Galaxy integration Julie Baffard and ABiMS TEAM, Roscoff Marine Station
Contact support.abims@sb-roscoff.fr for any questions or concerns about the Galaxy implementation of this tool.Credits : Gildas le Corguillé, Misharl Monsoor
Description
1-Separated mode
Input files are all the orthogroups computed by the AdaptSearch suite; Counts and test are computed on each group separatly. This mode counts occurrences of amino-acids or nucleic acids, according to the sequences type, in each distinct orthogroup.
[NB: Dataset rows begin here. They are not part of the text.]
Lemma kronecker_inj N D (i i' : mindex N) :
  (forall j, i j < D)%N -> (forall j, i' j < D)%N ->
  kronecker D i = kronecker D i' -> i =1 i'.
Proof.
elim: N i i' => [|N IH] i i' hi hi' e j; first by case: j.
have D0 : (0 < D)%N := leq_ltn_trans (leq0n _) (hi ord0).
have shift (f : mindex N.+1) :
    (\sum_(k < N) f (lift ord0 k) * D ^ bump 0 k = D * kronecker D (f \o lift ord0))%N.
  by rewrite /kronecker big_distrr; apply: eq_bigr => k _; rewrite expnS mulnCA.
move: e; rewrite /kronecker !big_ord_recl !expn0 !muln1 !shift => e.
have e0 : i ord0 = i' ord0.
  have := congr1 (modn^~ D) e; rewrite /= ![(_ + D * _)%N]addnC ![(D * _)%N]mulnC.
  by rewrite !modnMDl !modn_small.
move: e; rewrite e0 => /addnI /eqP; rewrite eqn_pmul2l // => /eqP e.
case: (unliftP ord0 j) => [k ->|->] //.
exact: (IH (i \o lift ord0) (i' \o lift ord0) (fun _ => hi _) (fun _ => hi' _) e).
Qed.

Lemma monom_kronecker (K : fieldType) N (a : 'I_N -> K) (t w : K) D i :
  monom a (fun j => a j + t * w ^+ (D ^ j)) i = t ^+ mdeg i * w ^+ kronecker D i.
Proof.
rewrite /monom /mdeg /kronecker -!prodrXr -big_split; apply: eq_bigr => j _.
by rewrite addrC addKr exprMn -exprM mulnC.
Qed.

Lemma coef_sum_scaleXn (S : nzRingType) (I : finType) (P : pred I) (e : I -> S)
    (f : I -> nat) i0 : P i0 -> {in P &, injective f} ->
  (\sum_(i | P i) e i *: 'X^(f i))`_(f i0) = e i0.
Proof.
move=> Pi0 inj; rewrite coef_sum (bigD1 i0) //= coefZ coefXn eqxx mulr1.
rewrite big1 ?addr0 // => i /andP [Pi ne]; rewrite coefZ coefXn.
by case: eqP => [/(inj _ _ Pi0 Pi) eqi|]; [rewrite eqi eqxx in ne | rewrite mulr0].
Qed.

Section KroneckerPoly.
Variables (K : fieldType) (N : nat) (c : pseries K N) (t : K) (M : nat).

Definition kronecker_poly : {poly K} :=
  \sum_(i : {ffun 'I_N -> 'I_M.+1} | (mdeg (mindex_of i) <= M)%N)
     (c (mindex_of i) * t ^+ mdeg (mindex_of i)) *: 'X^(kronecker M.+1 (mindex_of i)).

Lemma horner_kronecker_poly a w :
  kronecker_poly.[w] = psum c a (fun j => a j + t * w ^+ (M.+1 ^ j)) M.
Proof.
rewrite horner_sum psumE; apply: eq_bigr => i _.
by rewrite hornerZ hornerXn monom_kronecker mulrA.
Qed.

Lemma coef_kronecker_poly i0 : (mdeg i0 <= M)%N ->
  kronecker_poly`_(kronecker M.+1 i0) = c i0 * t ^+ mdeg i0.
Proof.
move=> i0M; pose i0' : {ffun 'I_N -> 'I_M.+1} := [ffun j => inord (i0 j)].
have i0'E : mindex_of i0' = i0.
  apply: funext => j; rewrite /mindex_of ffunE inordK // ltnS.
  exact: leq_trans (mdeg_ge i0 j) i0M.
rewrite -i0'E coef_sum_scaleXn ?i0'E // => i i' _ _ eq_ii'.
apply/ffunP => j; apply/val_inj.
exact: (kronecker_inj (fun j => ltn_ord (i j)) (fun j => ltn_ord (i' j)) eq_ii').
Qed.

End KroneckerPoly.

Section Ultrametric.
Variables (R : realType) (K : fieldType) (abs : K -> R).
Hypothesis habs : is_nonarch_abs abs.

Lemma abs_ge0 x : 0 <= abs x. Proof. by case: habs. Qed.

Lemma abs_eq0 x : (abs x == 0) = (x == 0).
Proof. by case: habs => _ h _ _; apply/eqP/eqP => /h. Qed.

Lemma abs0 : abs 0 = 0. Proof. by apply/eqP; rewrite abs_eq0. Qed.

Lemma abs_gt0 x : x != 0 -> 0 < abs x.
Proof. by move=> x0; rewrite lt_def abs_eq0 x0 abs_ge0. Qed.

Lemma absM x y : abs (x * y) = abs x * abs y. Proof. by case: habs. Qed.

Lemma absD x y : abs (x + y) <= Num.max (abs x) (abs y). Proof. by case: habs. Qed.

Lemma abs1 : abs 1 = 1.
Proof.
have e : abs 1 * abs 1 = 1 * abs 1 by rewrite -absM !mul1r.
by apply: (mulIf _ e); rewrite abs_eq0 oner_eq0.
Qed.

Lemma absN x : abs (- x) = abs x.
Proof.
have : abs (-1) ^+ 2 == 1 by rewrite expr2 -absM mulrNN mulr1 abs1.
by rewrite sqrp_eq1 ?abs_ge0 // => /eqP e; rewrite -mulN1r absM e mul1r.
Qed.

Lemma absB x y : abs (x - y) <= Num.max (abs x) (abs y).
Proof. by rewrite -(absN y) absD. Qed.

Lemma absBC x y : abs (x - y) = abs (y - x).
Proof. by rewrite -absN opprB. Qed.

Lemma absX x n : abs (x ^+ n) = abs x ^+ n.
Proof. by elim: n => [|n IH]; rewrite ?expr0 ?abs1 // !exprS absM IH. Qed.

Lemma abs_prod (I : Type) (s : seq I) (F : I -> K) :
  abs (\prod_(i <- s) F i) = \prod_(i <- s) abs (F i).
Proof. by elim: s => [|x s IH]; rewrite ?big_nil ?abs1 // !big_cons absM IH. Qed.

Lemma absD_le x y (B : R) : abs x <= B -> abs y <= B -> abs (x + y) <= B.
Proof. by move=> hx hy; apply: le_trans (absD x y) _; rewrite ge_max hx. Qed.

Lemma absB_le x y (B : R) : abs x <= B -> abs y <= B -> abs (x - y) <= B.
Proof. by move=> hx hy; apply: absD_le; rewrite ?absN. Qed.

Lemma absD_lt x y (B : R) : abs x < B -> abs y < B -> abs (x + y) < B.
Proof. by move=> hx hy; apply: le_lt_trans (absD x y) _; rewrite gt_max hx. Qed.

Lemma absD_eq x y : abs y < abs x -> abs (x + y) = abs x.
Proof.
move=> lt; apply/eqP; rewrite eq_le; apply/andP; split.
  by apply: absD_le => //; apply: ltW.
have := absD (x + y) (- y); rewrite addrK absN le_max => /orP [//|yx].
by move: (le_lt_trans yx lt); rewrite ltxx.
Qed.

Lemma abs_sum_le (I : Type) (s : seq I) (P : pred I) (F : I -> K) (B : R) :
  0 <= B -> (forall i, P i -> abs (F i) <= B) -> abs (\sum_(i <- s | P i) F i) <= B.
Proof.
move=> B0 hF; apply: (big_ind (fun v => abs v <= B)) => //; first by rewrite abs0.
by move=> x y; apply: absD_le.
Qed.

Lemma abs_sum_lt (I : Type) (s : seq I) (P : pred I) (F : I -> K) (B : R) :
  0 < B -> (forall i, P i -> abs (F i) < B) -> abs (\sum_(i <- s | P i) F i) < B.
Proof.
move=> B0 hF; apply: (big_ind (fun v => abs v < B)) => //; first by rewrite abs0.
by move=> x y; apply: absD_lt.
Qed.

Lemma abs_le_vnorm N (v : 'I_N -> K) j : abs (v j) <= vnorm abs v.
Proof. exact: (le_bigmax _ (fun i => abs (v i))). Qed.

Lemma vnorm_le N (v : 'I_N -> K) (B : R) :
  0 <= B -> (forall j, abs (v j) <= B) -> vnorm abs v <= B.
Proof. by move=> B0 hv; apply: bigmax_le. Qed.

Lemma vnorm_ge0 N (v : 'I_N -> K) : 0 <= vnorm abs v.
Proof.
case: N v => [|N] v; first by rewrite /vnorm big_ord0.
exact: le_trans (abs_ge0 _) (abs_le_vnorm v ord0).
Qed.

Lemma cball_coord N (a x : 'I_N -> K) r j : cball abs a r x -> abs (x j - a j) <= r.
Proof. exact: le_trans (abs_le_vnorm (fun j => x j - a j) j). Qed.

Lemma abs_monom_le N (a x : 'I_N -> K) r i :
  cball abs a r x -> abs (monom a x i) <= r ^+ mdeg i.
Proof.
move=> hx; rewrite /monom abs_prod /mdeg -prodrXr.
apply: ler_prod => j _; have xj := cball_coord j hx.
by rewrite absX exprn_ge0 ?abs_ge0 //= lerXn2r ?nnegrE ?abs_ge0 // (le_trans (abs_ge0 _) xj).
Qed.

Lemma abs_cvg_le u l M (B : R) : abs_cvg abs u l ->
  (forall n, (M <= n)%N -> abs (u n) <= B) -> abs l <= B.
Proof.
move=> cv ub; rewrite leNgt; apply/negP => Bl.
have B0 : 0 <= B := le_trans (abs_ge0 _) (ub M (leqnn M)).
have [M' HM'] := cv (abs l - B) ltac:(by rewrite subr_gt0).
set n := maxn M M'; have := ub n (leq_maxl _ _); have := HM' n (leq_maxr _ _).
have := absD (u n) (l - u n); rewrite addrC subrK absBC le_max.
by move=> /orP[]; lra.
Qed.

Lemma abs_cvg_ge u l M (B : R) : abs_cvg abs u l ->
  (forall n, (M <= n)%N -> B <= abs (u n)) -> B <= abs l.
Proof.
move=> cv lb; rewrite leNgt; apply/negP => lB; have := abs_ge0 l.
have [M' HM'] := cv (B - abs l) ltac:(by rewrite subr_gt0).
set n := maxn M M'; have := lb n (leq_maxl _ _); have := HM' n (leq_maxr _ _).
have := absD l (u n - l); rewrite addrC subrK le_max.
by move=> /orP[]; lra.
Qed.

Lemma abs_cvgB u v l l' : abs_cvg abs u l -> abs_cvg abs v l' ->
  abs_cvg abs (fun n => u n - v n) (l - l').
Proof.
move=> cu cv e e0; have [M1 H1] := cu e e0; have [M2 H2] := cv e e0.
exists (maxn M1 M2) => n; rewrite geq_max => /andP [n1 n2].
have -> : u n - v n - (l - l') = (u n - l) - (v n - l') by ring.
by apply: le_lt_trans (absB _ _) _; rewrite gt_max H1 ?H2.
Qed.

Lemma abs_prodB_le (I : Type) (s : seq I) (U V : I -> K) (rho : I -> R) (d : R) :
  0 <= d -> (forall i, abs (U i) <= rho i) -> (forall i, abs (V i) <= rho i) ->
  (forall i, abs (U i - V i) <= d * rho i) ->
  abs (\prod_(i <- s) U i - \prod_(i <- s) V i) <= d * \prod_(i <- s) rho i.
Proof.
move=> d0 hU hV hUV; elim: s => [|i s IH]; first by rewrite !big_nil subrr abs0 mulr1.
have rho0 j : 0 <= rho j := le_trans (abs_ge0 _) (hU j).
have hPU : abs (\prod_(j <- s) U j) <= \prod_(j <- s) rho j.
  by rewrite abs_prod; apply: ler_prod => j _; rewrite abs_ge0 hU.
rewrite !big_cons.
have -> : U i * \prod_(j <- s) U j - V i * \prod_(j <- s) V j =
   (U i - V i) * \prod_(j <- s) U j + V i * (\prod_(j <- s) U j - \prod_(j <- s) V j).
  by ring.
apply: absD_le; rewrite absM.
  by rewrite mulrA ler_pM ?abs_ge0 ?hUV.
by rewrite mulrCA ler_pM ?abs_ge0 ?hV.
Qed.

Lemma abs_exprB_le (u v : K) (rho d : R) n :
  0 <= d -> abs u <= rho -> abs v <= rho -> abs (u - v) <= d * rho ->
  abs (u ^+ n - v ^+ n) <= d * rho ^+ n.
Proof.
move=> d0 hu hv huv; rewrite -(subn0 n) -!prodr_const_nat.
exact: abs_prodB_le.
Qed.

Lemma abs_monomB N (a x y : 'I_N -> K) (r : R) i : 0 < r ->
  cball abs a r x -> cball abs a r y ->
  abs (monom a x i - monom a y i) <= vnorm abs (fun j => x j - y j) / r * r ^+ mdeg i.
Proof.
move=> r0 hx hy; have d0 : 0 <= vnorm abs (fun j => x j - y j) / r.
  by rewrite divr_ge0 ?vnorm_ge0 ?ltW.
rewrite /mdeg -prodrXr; apply: abs_prodB_le => // j.
1,2: by rewrite absX lerXn2r ?nnegrE ?abs_ge0 ?cball_coord ?(ltW r0).
apply: abs_exprB_le; rewrite ?cball_coord // divfK ?gt_eqF //.
have -> : x j - a j - (y j - a j) = x j - y j by ring.
exact: (abs_le_vnorm (fun j => x j - y j)).
Qed.

Section Series.
Variables (N : nat) (c : pseries K N) (a : 'I_N -> K) (r : R).

Lemma abs_psumB_lt x (e : R) M : 0 < e -> cball abs a r x ->
  (forall i, (M <= mdeg i)%N -> abs (c i) * r ^+ mdeg i < e) ->
  forall n, (M <= n)%N -> abs (psum c a x n - psum c a x M) < e.
Proof.
move=> e0 hx hM n Mn; rewrite psumB //; apply: abs_sum_lt => // i /andP [Mi _].
by rewrite absM; apply: le_lt_trans (hM _ (ltnW Mi)); rewrite ler_wpM2l ?abs_ge0 ?abs_monom_le.
Qed.

Hypothesis c_an : analytic_on abs r c.
Hypothesis hcomp : abs_complete abs.

Lemma psum_cvg x : cball abs a r x -> abs_cvg abs (psum c a x) (peval abs c a x).
Proof.
move=> hx; apply: (@xgetPex _ 0 [set v | abs_cvg abs (psum c a x) v]).
apply: hcomp => e e0; have [M HM] := c_an e0; exists M => m n hm hn.
have -> : psum c a x m - psum c a x n =
   (psum c a x m - psum c a x M) - (psum c a x n - psum c a x M) by ring.
by apply: le_lt_trans (absB _ _) _; rewrite gt_max !(abs_psumB_lt e0 hx HM).
Qed.

Lemma peval_lipschitz (C : R) x y : 0 < r -> 0 <= C ->
  (forall i, abs (c i) * r ^+ mdeg i <= C) -> cball abs a r x -> cball abs a r y ->
  abs (peval abs c a x - peval abs c a y) <= C / r * vnorm abs (fun j => x j - y j).
Proof.
move=> r0 C0 hC hx hy.
apply: (abs_cvg_le (M := 0%N) (abs_cvgB (psum_cvg hx) (psum_cvg hy))) => n _.
rewrite !psumE -sumrB; apply: abs_sum_le => [|i _].
  by rewrite mulr_ge0 ?divr_ge0 ?vnorm_ge0 // ltW.
rewrite -mulrBr absM.
apply: le_trans (ler_wpM2l (abs_ge0 _) (abs_monomB (mindex_of i) r0 hx hy)) _.
have -> : C / r * vnorm abs (fun j => x j - y j) =
          vnorm abs (fun j => x j - y j) / r * C by ring.
by rewrite mulrCA ler_wpM2l ?hC // divr_ge0 ?vnorm_ge0 ?ltW.
Qed.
Then, two subgroups of species are set by the user :
Within the groups, the program checks wether the occurrences of each element (amino-acid, nucleic acid, thermostability indice, GC content …) is higher of lower between one species and all the species of the opposite group. Binomial tests are then performed of these counts.
2-Concatenated mode
The input file is the super-alignment obtained by concatenation of all the orthogroups computed by the AdaptSearch suite. This script counts the number of codons, amino acids, and types of amino acids in sequences, as well as the mutation bias from one item to another between 2 sequences. Counts are then compared to empirical p-values, obtained from bootstrapped sequences obtained from a subset of sequences.
In the output files, the pvalues indicate the position of the observed data in a distribution of empirical counts obtained from a resampling of the data. Values above 0.95 indicate a significantly higher count, values under 0.05 a significantly lower count.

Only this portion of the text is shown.